After 1990, Belostenny, like many other former Soviet Union players , continued his career in Western Europe . In Saragossa he was fourth in the championship with the local club and reached the final of the European Cup Winners' Cup . In 1991 Belostenny switched to TV Germania in Trier. In 1994 he ended his career there and preferred to become a restaurateur in his new adopted home over a career in the coaching bench. In May 2010 he died of complications from lung cancer .

National team

Belostenny celebrated his greatest successes with the national basketball team of the Soviet Union. He took part in three Olympic Games between 1980 and 1992, interrupted by the boycott at the 1984 Olympics in Los Angeles . In 1988 he won the gold medal in Seoul together with his Lithuanian rivals Sabonis, Kurtinaitis, Chomičius and Šarūnas Marčiulionis as well as his compatriot Alexander Wolkow , after winning bronze in 1980 in Moscow.
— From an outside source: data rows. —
Lemma alpha0 k : alpha predT 0 k = Some 0.
Proof.
rewrite /alpha; case: excluded_middle_informative => [H|[]]; last first.
  exists Posz; split=> // k' _ x _; rewrite sumord0_fresh; first by case: sumord.
  by move=> j lt_jk; rewrite eqz_nat neq_ltn lt_jk orbT.
case: constructive_indefinite_description => a [_ bord_a] /=.
case: k => [|k]; first by rewrite /sumord big_ord0.
set x := Posz (\sum_(j < k.+1) `|a j|).+1.
have fresh_x j : j < k.+1 -> x != a j.
  move=> lt_jk; apply/eqP => /(congr1 absz) /= abs_aj.
  have : `|a j| <= \sum_(i < k.+1) `|a i| by rewrite (bigD1 (Ordinal lt_jk)) //= leq_addr.
  by rewrite -abs_aj ltnn.
have := bord_a k.+1 isT x isT; rewrite (sumord0_fresh fresh_x).
by case: sumord => // n /=; rewrite leqn0 => /eqP ->.
Qed.

Lemma gfact_legendre n N : n < N ->
  gfact predT predT n = \prod_(2 <= b < N) b ^ legendre b n.
Proof.
move=> lt_nN.
have epow_alpha b : epow b (alpha predT b n) = if 1 < b then b ^ legendre b n else 1.
  case: b => [|[|b]]; last by rewrite alpha_legendre.
    by rewrite alpha0.
  by case: alpha => //= m; rewrite exp1n.
rewrite /gfact (fprod_ord (N := N)) => [|b le_Nb]; last first.
  rewrite /= epow_alpha; case: ifP => // b_gt1.
  by rewrite legendre_small // (leq_trans lt_nN).
rewrite big_geq_mkord [RHS]big_mkcond /=; apply: eq_bigr => b _.
by rewrite epow_alpha.
Qed.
At the 1992 Olympics in Barcelona , the Commonwealth of Independent States lost to their former teammates from Lithuania in the bronze medal game.
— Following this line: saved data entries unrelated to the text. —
(* Let $\mathcal{A}$ be a complex vector space with two bilinear operations $[\cdot,\cdot]$ and $\circ$ and a linear endomorphism $\alpha$. Let $\mathcal{L}(\mathcal{A})=\mathcal{A}\otimes\mathbb{C}[t,t^{-1}]$ with bilinear bracket $[u\otimes t^m,v\otimes t^n]=[u,v]\otimes t^{m+n}+m\,(u\circ v)\otimes t^{m+n-1}-n\,(v\circ u)\otimes t^{m+n-1}$ for $u,v\in\mathcal{A}$, $m,n\in\mathbb{Z}$, and linear map $\varphi(u\otimes t^m)=\alpha(u)\otimes t^m$. Then $(\mathcal{L}(\mathcal{A}),[-,-],\varphi)$ is a Hom-Lie algebra if and only if $(\mathcal{A},[\cdot,\cdot],\circ,\alpha)$ is a Hom Gel'fand-Dorfman bialgebra.
   Context: A Hom-Lie algebra is a vector space $L$ with a bilinear map $[\cdot,\cdot]$ and linear map $\alpha$ with $[x,y]=-[y,x]$ and $[[x,y],\alpha(z)]+[[y,z],\alpha(x)]+[[z,x],\alpha(y)]=0$ for all $x,y,z$. A Hom-Novikov algebra is a vector space with a bilinear operation $\circ$ and a linear endomorphism $\alpha$ such that $(x\circ y)\circ\alpha(z)-\alpha(x)\circ(y\circ z)=(y\circ x)\circ\alpha(z)-\alpha(y)\circ(x\circ z)$ and $(x\circ y)\circ\alpha(z)=(x\circ z)\circ\alpha(y)$ for all $x,y,z$. A Hom Gel'fand-Dorfman bialgebra is a vector space $\mathcal{A}$ with a linear endomorphism $\alpha$ and two bilinear operations $[\cdot,\cdot],\circ$ such that $(\mathcal{A},[\cdot,\cdot],\alpha)$ is a Hom-Lie algebra, $(\mathcal{A},\circ,\alpha)$ is a Hom-Novikov algebra, and $[x\circ y,\alpha(z)]-[x\circ z,\alpha(y)]+[x,y]\circ\alpha(z)-[x,z]\circ\alpha(y)-\alpha(x)\circ[y,z]=0$ for all $x,y,z$. *)

From HB Require Import structures.
From mathcomp Require Import all_boot all_order all_algebra.
From mathcomp Require Import boolp classical_sets functions.
From mathcomp Require Import reals.
From mathcomp Require Export complex.
From mathcomp Require Import zify.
He won three silver medals at four basketball world championships between 1978 and 1990 and the gold medal in Colombia in 1982 , when the college boys of the United States, who were still victorious in the final round, were defeated with one point in the gold medal game. 1986 in Spain , the US college selection for the future NBA star David Robinson retaliated with a final victory over the Soviet selection, which was previously the only team without a loss in the tournament. At the World Cup in Argentina in 1990 , they competed without the Lithuanian players, but with the Baltic players Tiit Sokk and Gundars Vētra and were only twice inferior to the superior world champion from Yugoslavia . Belostenny was one of only six players in World Cup history with four medal wins , of which only Wlamir Marques and Krešimir Ćosić had always reached the final and thus won at least the silver medal. As a participant in six European basketball championships, he won three titles as well as one silver and two bronze medals.

Web links

Individual evidence

  1. Basketball legend dies in Trier at the age of 51. Trierischer Volksfreund , May 25, 2010, accessed on May 29, 2010 .
  2. 2006 FIBA ​​World Championship: Presentation: History: All time records - ALL TIME TOP MEDALISTS. (No longer available online.) FIBA , archived from the original on September 29, 2013 ; accessed on August 11, 2012 (English, World Cup records statistics).